> Exercise instructions
In the data below, count every line that holds the string "Upair" and reply with the number alone.

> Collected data
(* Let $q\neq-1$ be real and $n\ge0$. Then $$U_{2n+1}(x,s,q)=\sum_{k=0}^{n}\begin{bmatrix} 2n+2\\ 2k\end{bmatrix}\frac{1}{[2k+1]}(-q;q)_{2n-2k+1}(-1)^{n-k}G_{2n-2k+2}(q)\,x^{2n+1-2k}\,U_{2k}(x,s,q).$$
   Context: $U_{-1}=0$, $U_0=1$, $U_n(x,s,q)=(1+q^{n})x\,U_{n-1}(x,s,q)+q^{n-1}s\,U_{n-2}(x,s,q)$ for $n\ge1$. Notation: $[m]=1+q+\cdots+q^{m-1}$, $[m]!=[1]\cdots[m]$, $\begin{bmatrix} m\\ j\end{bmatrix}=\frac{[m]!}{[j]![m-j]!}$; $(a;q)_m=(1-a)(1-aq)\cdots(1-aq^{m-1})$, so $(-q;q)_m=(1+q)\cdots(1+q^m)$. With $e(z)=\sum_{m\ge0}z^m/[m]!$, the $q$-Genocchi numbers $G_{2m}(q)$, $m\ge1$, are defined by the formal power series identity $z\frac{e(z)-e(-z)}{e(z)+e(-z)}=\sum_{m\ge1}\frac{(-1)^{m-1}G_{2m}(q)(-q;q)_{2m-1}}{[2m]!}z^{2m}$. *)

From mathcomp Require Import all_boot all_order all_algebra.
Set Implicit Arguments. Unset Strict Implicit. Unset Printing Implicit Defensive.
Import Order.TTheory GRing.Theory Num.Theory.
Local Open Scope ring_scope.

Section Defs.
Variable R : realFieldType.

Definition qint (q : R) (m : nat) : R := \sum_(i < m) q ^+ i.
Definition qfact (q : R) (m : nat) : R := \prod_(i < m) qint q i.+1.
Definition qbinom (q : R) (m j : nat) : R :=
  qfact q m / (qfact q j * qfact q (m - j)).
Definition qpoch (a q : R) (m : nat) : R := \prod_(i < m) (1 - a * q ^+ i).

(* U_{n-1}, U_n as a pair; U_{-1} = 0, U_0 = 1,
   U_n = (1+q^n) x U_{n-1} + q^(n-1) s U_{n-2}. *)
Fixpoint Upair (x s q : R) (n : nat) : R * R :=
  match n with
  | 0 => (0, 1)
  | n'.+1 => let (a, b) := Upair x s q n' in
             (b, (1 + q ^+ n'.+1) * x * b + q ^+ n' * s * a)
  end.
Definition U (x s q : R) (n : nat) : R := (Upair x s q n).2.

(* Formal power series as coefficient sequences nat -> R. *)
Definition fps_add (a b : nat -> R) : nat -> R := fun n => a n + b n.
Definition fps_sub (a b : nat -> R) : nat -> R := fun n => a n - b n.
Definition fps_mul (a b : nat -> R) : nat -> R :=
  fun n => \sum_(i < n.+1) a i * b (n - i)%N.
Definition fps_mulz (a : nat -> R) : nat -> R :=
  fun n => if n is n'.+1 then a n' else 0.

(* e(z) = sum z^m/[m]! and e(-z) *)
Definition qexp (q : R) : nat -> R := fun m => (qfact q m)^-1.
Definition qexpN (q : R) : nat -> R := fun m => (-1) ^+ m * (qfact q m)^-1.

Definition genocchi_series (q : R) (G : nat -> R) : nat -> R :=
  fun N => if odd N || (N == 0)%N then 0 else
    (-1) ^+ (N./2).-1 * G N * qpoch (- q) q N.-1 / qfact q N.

* * *

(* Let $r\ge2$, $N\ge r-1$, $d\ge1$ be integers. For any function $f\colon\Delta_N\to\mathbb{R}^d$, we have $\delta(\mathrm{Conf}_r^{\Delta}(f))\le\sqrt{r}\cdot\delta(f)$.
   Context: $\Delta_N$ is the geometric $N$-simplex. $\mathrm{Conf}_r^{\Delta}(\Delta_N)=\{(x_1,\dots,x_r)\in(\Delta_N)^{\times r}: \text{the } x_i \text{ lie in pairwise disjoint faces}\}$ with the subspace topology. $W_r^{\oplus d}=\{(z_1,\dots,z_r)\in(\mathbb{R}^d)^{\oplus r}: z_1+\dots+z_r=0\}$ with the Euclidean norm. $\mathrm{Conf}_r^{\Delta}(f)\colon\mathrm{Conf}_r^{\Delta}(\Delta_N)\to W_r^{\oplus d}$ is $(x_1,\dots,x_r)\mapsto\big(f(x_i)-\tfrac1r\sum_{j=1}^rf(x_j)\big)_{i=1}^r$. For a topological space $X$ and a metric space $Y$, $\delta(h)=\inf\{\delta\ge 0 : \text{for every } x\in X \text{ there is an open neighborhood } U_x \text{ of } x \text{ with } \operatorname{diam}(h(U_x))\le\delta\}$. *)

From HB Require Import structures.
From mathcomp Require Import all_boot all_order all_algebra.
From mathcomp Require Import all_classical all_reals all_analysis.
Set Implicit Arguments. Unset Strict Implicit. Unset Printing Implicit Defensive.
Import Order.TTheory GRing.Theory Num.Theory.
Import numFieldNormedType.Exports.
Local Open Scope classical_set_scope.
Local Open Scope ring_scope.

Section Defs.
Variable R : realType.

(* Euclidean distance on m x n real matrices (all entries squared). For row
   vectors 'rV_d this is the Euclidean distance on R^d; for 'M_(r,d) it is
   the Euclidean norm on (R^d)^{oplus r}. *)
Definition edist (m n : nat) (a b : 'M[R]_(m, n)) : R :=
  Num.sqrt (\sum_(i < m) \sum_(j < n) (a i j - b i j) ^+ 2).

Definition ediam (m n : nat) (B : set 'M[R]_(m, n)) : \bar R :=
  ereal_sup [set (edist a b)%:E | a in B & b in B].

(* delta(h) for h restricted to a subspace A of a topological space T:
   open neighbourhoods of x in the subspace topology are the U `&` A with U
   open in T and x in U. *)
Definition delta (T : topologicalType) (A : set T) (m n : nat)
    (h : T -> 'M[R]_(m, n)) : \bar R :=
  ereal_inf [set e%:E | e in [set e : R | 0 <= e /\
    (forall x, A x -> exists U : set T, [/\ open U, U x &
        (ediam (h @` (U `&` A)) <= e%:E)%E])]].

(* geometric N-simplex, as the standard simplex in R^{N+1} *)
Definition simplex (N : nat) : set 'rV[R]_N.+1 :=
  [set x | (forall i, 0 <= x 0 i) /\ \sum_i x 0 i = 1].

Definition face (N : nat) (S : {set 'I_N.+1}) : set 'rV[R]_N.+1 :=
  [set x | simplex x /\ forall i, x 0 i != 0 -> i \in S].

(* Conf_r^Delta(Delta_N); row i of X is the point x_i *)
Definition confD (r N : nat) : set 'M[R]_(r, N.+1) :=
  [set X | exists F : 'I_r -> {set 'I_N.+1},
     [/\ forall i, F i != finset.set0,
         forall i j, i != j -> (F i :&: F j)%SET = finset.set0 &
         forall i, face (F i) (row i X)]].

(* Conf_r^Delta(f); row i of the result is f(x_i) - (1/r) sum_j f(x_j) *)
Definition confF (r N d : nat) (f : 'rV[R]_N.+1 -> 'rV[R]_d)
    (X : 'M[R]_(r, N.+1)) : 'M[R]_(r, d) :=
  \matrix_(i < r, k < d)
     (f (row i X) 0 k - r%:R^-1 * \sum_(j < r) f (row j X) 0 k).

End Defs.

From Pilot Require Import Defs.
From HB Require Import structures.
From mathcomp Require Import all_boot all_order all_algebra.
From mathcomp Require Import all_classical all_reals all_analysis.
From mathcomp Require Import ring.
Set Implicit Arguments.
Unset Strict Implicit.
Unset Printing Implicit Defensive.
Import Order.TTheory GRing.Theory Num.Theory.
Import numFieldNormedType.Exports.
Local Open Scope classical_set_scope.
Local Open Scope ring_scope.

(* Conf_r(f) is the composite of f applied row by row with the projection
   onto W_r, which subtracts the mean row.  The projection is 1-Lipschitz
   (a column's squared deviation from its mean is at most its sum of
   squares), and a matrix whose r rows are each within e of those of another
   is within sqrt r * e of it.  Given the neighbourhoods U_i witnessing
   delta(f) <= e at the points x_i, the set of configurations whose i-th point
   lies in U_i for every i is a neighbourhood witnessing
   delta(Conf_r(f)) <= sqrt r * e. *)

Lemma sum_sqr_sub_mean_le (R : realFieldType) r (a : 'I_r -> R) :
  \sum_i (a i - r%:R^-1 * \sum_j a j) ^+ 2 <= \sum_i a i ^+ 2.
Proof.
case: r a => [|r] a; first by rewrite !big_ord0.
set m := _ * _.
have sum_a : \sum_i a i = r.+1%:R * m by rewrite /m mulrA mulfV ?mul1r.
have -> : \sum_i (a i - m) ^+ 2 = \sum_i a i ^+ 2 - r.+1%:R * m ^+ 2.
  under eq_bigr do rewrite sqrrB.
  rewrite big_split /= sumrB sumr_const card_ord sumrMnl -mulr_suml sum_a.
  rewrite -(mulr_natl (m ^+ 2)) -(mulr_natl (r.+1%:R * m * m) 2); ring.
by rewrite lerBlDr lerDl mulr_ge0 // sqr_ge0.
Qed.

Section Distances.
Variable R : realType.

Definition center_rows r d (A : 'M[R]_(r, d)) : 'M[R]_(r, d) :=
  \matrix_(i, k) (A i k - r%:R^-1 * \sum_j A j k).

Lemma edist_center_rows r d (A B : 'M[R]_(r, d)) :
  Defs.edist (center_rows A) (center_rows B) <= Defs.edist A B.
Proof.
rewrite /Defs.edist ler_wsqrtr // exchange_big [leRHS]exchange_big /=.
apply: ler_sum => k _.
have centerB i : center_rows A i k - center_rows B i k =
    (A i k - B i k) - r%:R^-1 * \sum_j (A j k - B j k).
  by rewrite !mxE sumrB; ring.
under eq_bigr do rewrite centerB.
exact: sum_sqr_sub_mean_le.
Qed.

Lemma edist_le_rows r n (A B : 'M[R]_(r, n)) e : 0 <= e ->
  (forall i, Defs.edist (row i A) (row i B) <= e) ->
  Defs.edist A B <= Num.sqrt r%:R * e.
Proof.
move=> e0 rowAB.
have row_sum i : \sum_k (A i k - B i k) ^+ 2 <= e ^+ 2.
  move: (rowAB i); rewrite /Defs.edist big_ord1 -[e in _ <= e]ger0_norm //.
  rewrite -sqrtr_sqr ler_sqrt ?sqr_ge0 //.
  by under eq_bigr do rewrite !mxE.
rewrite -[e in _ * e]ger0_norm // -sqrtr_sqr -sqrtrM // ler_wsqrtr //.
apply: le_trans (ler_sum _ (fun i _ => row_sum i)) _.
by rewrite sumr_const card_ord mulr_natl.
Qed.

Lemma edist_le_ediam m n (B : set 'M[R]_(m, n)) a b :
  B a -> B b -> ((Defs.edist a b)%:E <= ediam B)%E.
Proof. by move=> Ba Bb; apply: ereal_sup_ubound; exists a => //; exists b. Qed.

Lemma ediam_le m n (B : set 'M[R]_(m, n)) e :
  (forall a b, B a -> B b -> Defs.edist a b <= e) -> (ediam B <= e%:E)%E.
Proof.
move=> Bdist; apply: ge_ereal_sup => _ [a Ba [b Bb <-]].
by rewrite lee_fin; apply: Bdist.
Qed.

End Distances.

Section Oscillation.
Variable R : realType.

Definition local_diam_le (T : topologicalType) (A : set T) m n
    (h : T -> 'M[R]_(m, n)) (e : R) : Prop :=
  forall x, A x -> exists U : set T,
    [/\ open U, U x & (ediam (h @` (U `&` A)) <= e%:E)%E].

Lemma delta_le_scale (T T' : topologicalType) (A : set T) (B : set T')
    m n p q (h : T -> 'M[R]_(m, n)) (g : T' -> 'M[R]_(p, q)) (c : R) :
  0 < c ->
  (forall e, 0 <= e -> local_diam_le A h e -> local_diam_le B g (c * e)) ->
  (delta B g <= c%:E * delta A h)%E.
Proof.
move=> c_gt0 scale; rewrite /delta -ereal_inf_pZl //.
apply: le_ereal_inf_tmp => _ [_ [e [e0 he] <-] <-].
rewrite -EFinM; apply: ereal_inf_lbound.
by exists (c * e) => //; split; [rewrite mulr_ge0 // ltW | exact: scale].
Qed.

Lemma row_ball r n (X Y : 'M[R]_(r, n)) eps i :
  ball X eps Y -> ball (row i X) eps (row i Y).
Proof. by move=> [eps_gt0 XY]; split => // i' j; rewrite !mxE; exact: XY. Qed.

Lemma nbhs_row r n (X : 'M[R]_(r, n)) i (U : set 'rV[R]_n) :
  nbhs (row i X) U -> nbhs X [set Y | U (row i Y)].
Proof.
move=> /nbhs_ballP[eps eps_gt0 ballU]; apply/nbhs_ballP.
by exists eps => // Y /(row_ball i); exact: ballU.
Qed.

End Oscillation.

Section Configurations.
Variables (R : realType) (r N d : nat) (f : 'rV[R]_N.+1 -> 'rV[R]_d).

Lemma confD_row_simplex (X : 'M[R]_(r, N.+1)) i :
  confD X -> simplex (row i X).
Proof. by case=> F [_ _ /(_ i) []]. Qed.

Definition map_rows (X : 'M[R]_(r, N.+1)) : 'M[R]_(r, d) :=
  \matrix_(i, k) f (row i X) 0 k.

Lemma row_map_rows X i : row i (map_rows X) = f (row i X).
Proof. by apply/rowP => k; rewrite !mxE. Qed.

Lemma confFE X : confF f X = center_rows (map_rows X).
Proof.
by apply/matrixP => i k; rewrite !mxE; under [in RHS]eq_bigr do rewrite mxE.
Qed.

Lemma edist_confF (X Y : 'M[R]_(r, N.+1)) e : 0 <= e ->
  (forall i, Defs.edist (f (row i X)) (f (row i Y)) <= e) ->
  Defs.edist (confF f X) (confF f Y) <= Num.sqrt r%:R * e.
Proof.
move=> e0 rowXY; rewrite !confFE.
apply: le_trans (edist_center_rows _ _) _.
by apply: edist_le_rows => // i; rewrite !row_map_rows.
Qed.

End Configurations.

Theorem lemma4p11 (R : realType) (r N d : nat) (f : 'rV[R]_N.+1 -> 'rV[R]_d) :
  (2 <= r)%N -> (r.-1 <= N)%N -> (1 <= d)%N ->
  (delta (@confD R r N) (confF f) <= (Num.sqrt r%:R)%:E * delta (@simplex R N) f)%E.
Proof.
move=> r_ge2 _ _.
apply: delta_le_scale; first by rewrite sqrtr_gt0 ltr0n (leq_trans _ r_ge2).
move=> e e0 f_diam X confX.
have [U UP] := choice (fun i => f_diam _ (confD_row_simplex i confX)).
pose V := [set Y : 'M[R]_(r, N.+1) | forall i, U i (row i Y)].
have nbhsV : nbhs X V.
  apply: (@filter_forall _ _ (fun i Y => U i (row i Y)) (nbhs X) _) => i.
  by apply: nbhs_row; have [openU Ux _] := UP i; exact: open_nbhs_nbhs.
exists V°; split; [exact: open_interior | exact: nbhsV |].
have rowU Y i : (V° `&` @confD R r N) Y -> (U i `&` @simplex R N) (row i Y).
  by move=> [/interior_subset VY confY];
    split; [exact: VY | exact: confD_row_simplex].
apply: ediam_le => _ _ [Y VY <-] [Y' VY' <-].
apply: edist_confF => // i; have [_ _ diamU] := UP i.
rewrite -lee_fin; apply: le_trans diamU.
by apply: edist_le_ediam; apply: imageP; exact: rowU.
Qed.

> Answer area
3